So … how quickly can people read?
It has been proved by recent studies that, as people become more used to subtitles, their reading speed increases, so the old character limit (42 per line and 2 lines per sub) is no longer relevant.
But viewers are not a homogeneous block, so their reading speed differs.
Most of the big platforms prefer catering to the lowest denominator (cater to the slowest readers) to be on the safe side.
Why? Because these huge platforms have very diverse content. Many of their users watch content from different countries but mostly content of their own country and language, and only occasionally foreign films and series, so they are not used to subtitles that much.
On the contrary, Viki viewers come here to consume East Asian content, and that’s all that is offered here. Some of the viewers might be Asian themselves, those people don’t need subtitles, so we’re not concerned about them. All the rest of us do. And we have become very good at reading them!

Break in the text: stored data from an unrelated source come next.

Lemma pd_phir_le_phir0 lam x : 0 < lam -> 0 <= x <= 1 -> pd_phir lam x <= pd_phir lam 0.
Proof.
move=> lam_gt0 x01; rewrite -subr_le0 pd_phir_sub0 ?gt_eqF //; last lra.
have : x `^ (lam + 1) <= x.
  have [->|x_neq0] := eqVneq x 0; first by rewrite powR0 // gt_eqF //; lra.
  by apply: ge1r_powR; [rewrite lt_neqAle eq_sym x_neq0 | lra].
case/andP: x01 => x0 _ h; rewrite pmulr_lle0 ?invr_gt0 ?mulr_gt0 //; nra.
Qed.

Lemma pd_phir_excess_bounds lam (u1 u2 : R) : 0 < lam -> 0 <= u1 <= 1 -> 0 <= u2 <= 1 ->
  lam - (lam + 1) * (u1 + u2)
    <= lam * (lam + 1) * (pd_phir lam u1 + pd_phir lam u2 - pd_phir lam 0)
    <= lam + 2 - (lam + 1) * (u1 + u2).
Proof.
move=> lam_gt0 u1_01 u2_01; have lam_gt : -1 < lam by lra.
have -> : lam * (lam + 1) * (pd_phir lam u1 + pd_phir lam u2 - pd_phir lam 0) =
    u1 `^ (lam + 1) + u2 `^ (lam + 1) + lam - (lam + 1) * (u1 + u2).
  rewrite (_ : _ - _ = (pd_phir lam u1 - pd_phir lam 0) + (pd_phir lam u2 - pd_phir lam 0)
    + pd_phir lam 0); last by ring.
  rewrite !pd_phir_sub0 ?gt_eqF // pd_phir0 //; field.
  by rewrite !gt_eqF //; lra.
have a_ge0 : 0 <= lam + 1 by lra.
have := powR_le1 u1 _ u1_01 a_ge0; have := powR_le1 u2 _ u2_01 a_ge0.
have := powR_ge0 u1 (lam + 1); have := powR_ge0 u2 (lam + 1).
by move=> *; apply/andP; split; lra.
Qed.

Lemma pd_zero_set_below_diag (u1 u2 : R) : 0 <= u1 <= 1 -> 0 <= u2 <= 1 -> u1 + u2 < 1 ->
  exists L, forall lam, L < lam -> pd_zero_set lam (u1, u2).
Proof.
move=> u1_01 u2_01 s_lt1; have gap : 0 < 1 - (u1 + u2) by lra.
exists ((u1 + u2) / (1 - (u1 + u2))) => lam; rewrite ltr_pdivrMr // => lam_gt.
have lam_gt0 : 0 < lam by case/andP: u1_01; case/andP: u2_01; nra.
rewrite pd_zero_setE /= !pd_phi_fin ?(lt_trans _ lam_gt0) // -EFinD lee_fin -subr_ge0.
do 2!split => //; have := pd_phir_excess_bounds _ _ _ lam_gt0 u1_01 u2_01 => /andP[lb _].
have K : 0 < lam * (lam + 1) by apply: mulr_gt0; lra.
by rewrite -(pmulr_rge0 _ K); nra.
Qed.

Lemma pd_zero_set_above_diag (u1 u2 : R) : 0 <= u1 <= 1 -> 0 <= u2 <= 1 -> 1 < u1 + u2 ->
  exists L, forall lam, L < lam -> ~ pd_zero_set lam (u1, u2).
Proof.
move=> u1_01 u2_01 s_gt1; have gap : 0 < u1 + u2 - 1 by lra.
exists ((2 - (u1 + u2)) / (u1 + u2 - 1)) => lam; rewrite ltr_pdivrMr // => lam_gt.
have lam_gt0 : 0 < lam by case/andP: u1_01 => _; case/andP: u2_01; nra.
rewrite pd_zero_setE /= !pd_phi_fin ?(lt_trans _ lam_gt0) // -EFinD lee_fin -subr_ge0.
move=> [_ [_]]; have := pd_phir_excess_bounds _ _ _ lam_gt0 u1_01 u2_01 => /andP[_ ub].
have K : 0 < lam * (lam + 1) by apply: mulr_gt0; lra.
by rewrite -(pmulr_rge0 _ K) => ?; nra.
Qed.

Lemma pd_boundary_near_diag lam (u1 u2 : R) : 0 < lam -> 0 <= u1 <= 1 -> 0 <= u2 <= 1 ->
  pd_phir lam u1 + pd_phir lam u2 = pd_phir lam 0 -> `|u1 + u2 - 1| <= (lam + 1)^-1.
Proof.
move=> lam_gt0 u1_01 u2_01 on_curve.
have := pd_phir_excess_bounds _ _ _ lam_gt0 u1_01 u2_01; rewrite on_curve subrr mulr0.
move=> /andP[lb ub]; have a0 : 0 < lam + 1 by lra.
rewrite -(ler_pM2l a0) mulfV ?gt_eqF // -[X in X * _](ger0_norm (ltW a0)) -normrM.
by rewrite ler_norml; apply/andP; split; lra.
Qed.

Lemma pd_boundary_through lam (u1 : R) : 0 < lam -> 0 <= u1 <= 1 ->
  exists2 u2, 0 <= u2 <= 1 & pd_phir lam u1 + pd_phir lam u2 = pd_phir lam 0.
Proof.
move=> lam_gt0 u1_01; have lam_gt : -1 < lam by lra.
have [phi_u1_0|phi_u1_neq0] := eqVneq (pd_phir lam u1) 0.
  by exists 0; rewrite ?lexx ?ler01 // phi_u1_0 add0r.
have t_ge0 : 0 <= pd_phir lam 0 - pd_phir lam u1.
  by rewrite subr_ge0 pd_phir_le_phir0.
have t_lt : ((pd_phir lam 0 - pd_phir lam u1)%:E < pd_phi lam 0)%E.
  rewrite pd_phi_fin // lte_fin ltrBlDr ltrDl lt_neqAle eq_sym phi_u1_neq0.
  by case/andP: u1_01 => u1_ge0 _; rewrite -lee_fin -pd_phi_fin // pd_phi_ge0.
have [c /andP[c0 c1] phi_c] := pd_phir_onto _ _ t_ge0 t_lt.
by exists c; [rewrite (ltW c0) c1 | rewrite phi_c addrC subrK].
Qed.

Lemma pd_boundary_cvg_diag (eps : R) : 0 < eps -> exists L, forall lam, L < lam ->
  (forall u1 u2 : R, 0 <= u1 <= 1 -> 0 <= u2 <= 1 ->
     (pd_phi lam u1 + pd_phi lam u2 = pd_phi lam 0)%E -> `|u1 + u2 - 1| < eps) /\
  (forall u1 : R, 0 <= u1 <= 1 -> exists u2 : R, 0 <= u2 <= 1 /\
     (pd_phi lam u1 + pd_phi lam u2 = pd_phi lam 0)%E /\ `|u1 + u2 - 1| < eps).
Proof.
move=> eps_gt0; exists eps^-1 => lam lam_gt.
have lam_gt0 : 0 < lam by rewrite (lt_trans _ lam_gt) ?invr_gt0.
have near_diag (u1 u2 : R) : 0 <= u1 <= 1 -> 0 <= u2 <= 1 ->
    pd_phir lam u1 + pd_phir lam u2 = pd_phir lam 0 -> `|u1 + u2 - 1| < eps.
  move=> u1_01 u2_01 /(pd_boundary_near_diag _ _ _ lam_gt0 u1_01 u2_01)/le_lt_trans; apply.
  by rewrite invf_plt ?posrE //; lra.
have phiE x : pd_phi lam x = (pd_phir lam x)%:E by rewrite pd_phi_fin //; lra.
split=> [u1 u2 u1_01 u2_01|u1 u1_01].
  by rewrite !phiE -EFinD => -[]; exact: near_diag.
have [u2 u2_01 on_curve] := pd_boundary_through _ _ lam_gt0 u1_01.
by exists u2; rewrite !phiE -EFinD on_curve; split=> //; split=> //; exact: near_diag.
Qed.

Therefore, Viki should not ape other platforms. It is a unique platform with unique viewers and has its own rules.
What Viki contributors had to say
Here is a past thread on this topic. How quickly can a viewer read subtitles?
It also depends on segment length
I would like to highlight an important observation by user piranna on that thread:
On NFLX, the subtitle duration on screen lasts less than Viki and a single-line sub is preferred over a 2-line sub. From this, they might use less seg combination and have to compress subtitles. The number of characters is limited by the segment duration.
Yes, a segment can last from 1 to 7 (or even 8) seconds, and obviously the character limit cannot be the same in all cases! If it’s one second, the limit should be even shorter. We usually test by running the video and making sure there’s enough time to read comfortably, otherwise we shorten the subtitle.
Some of the relevant studies:
English is shorter than most other languages
English words of Saxon/Norse/Germanic origin are short, one or two syllables. Those are an important part of the English lexicon (33%, but if you count the compounds and phrasal verbs they become much more than that!) So, typically, the average English text is shorter than a text of a Romance language and also Greek - and probably German as well. The same sentence, with the same number of words, will have more characters and be overall longer.
I know this as a professional translator for decades, and that’s why we all always quote a price counted by the page of the finished translation, not by the page of the original. In a book, for example, the finished translation from English was always a few pages more.
In subtitles, the percentage of short words is even more, because usually the longer, Latin derived words are the technical and specialized ones, or the most cultured ones. Daily conversation has a higher percentage of short, Norse words. Subtitles being mostly conversation (and not scholarly articles), have the most short words of any kind of translation.
This makes the new limits it a nightmare for Other Language teams. The English pre-subs will obviously be within the limits, but when the OL teams start translating them, they will immediately see the problem!
Is Viki really copying what other platforms do?
Not exactly. NFL says it is preferable to stick to a maximum of around 42 characters per line and 2 lines per subtitle, however it doesn’t enforce precise limits, except in languages like Korean where a character is a whole syllable and Chinese where a character is a whole word. But it must be noted that their segments are typically shorter too, and they don’t use extensions as we do (i.e. the subtitle stops exactly when the actor stops speaking, while on Viki, whenever possible, we have a 1-second extension to give the time to read comfortably).
So, is this a case of Viki “being more royal than the king”, as we say in Greek?
What will happen if Viki doesn’t listen to us?
We will tell the segmenters to chop the segments more (into smaller ones). That’s what will happen. They won’t mind, I think, because they will get greater contribution numbers.
Yes, I know, it’s cheating. But if you make us do it with absurd rules, we will find a way to do our job properly despite them.
Exactly.
Forced localization
The last point trangstar made is very important, because it will force us towards localization. We won’t be able to include any foreign words or concepts anymore, since there will be no way to explain what they are to the new viewers in a note. Instead, we’ll have to substitute with our local language’s words and concepts (which may not match at all) or with a generic word instead of a precise one.
“We will go to Lotte world” becomes “we will go to an amusement park” and
“He is running for the Blue House” becomes “he is running for president”.
All the unique Chinese idioms, proverbs and 4-character sayings will have to be substituted with English ones. Sometimes it’s not easy to remember the right English proverb, so what will happen is that the translation will just “explain” the meaning, which is not so impactful.
This is a huge change to the whole Viki translation style, which will completely lose its flavour and become flat and boring like all the other translations we have been mocking.
Counting the formatting is not fair!
I have been told that the html tags also count as characters. Thus, just putting italics means you lose 6 characters!
(Oh yes, they will reply to this that normally they wanted to put a limit of just 94 characters, but they were nice and put 100 to account for that… )
Disrespect
Viki has been saying how important volunteers are to them. Most of us know that this is just lip service.
We didn’t even deserve an official announcement about this. We just found out. Like being fired and finding out because you go to work and finding your things in a box and your computer pass…word changed.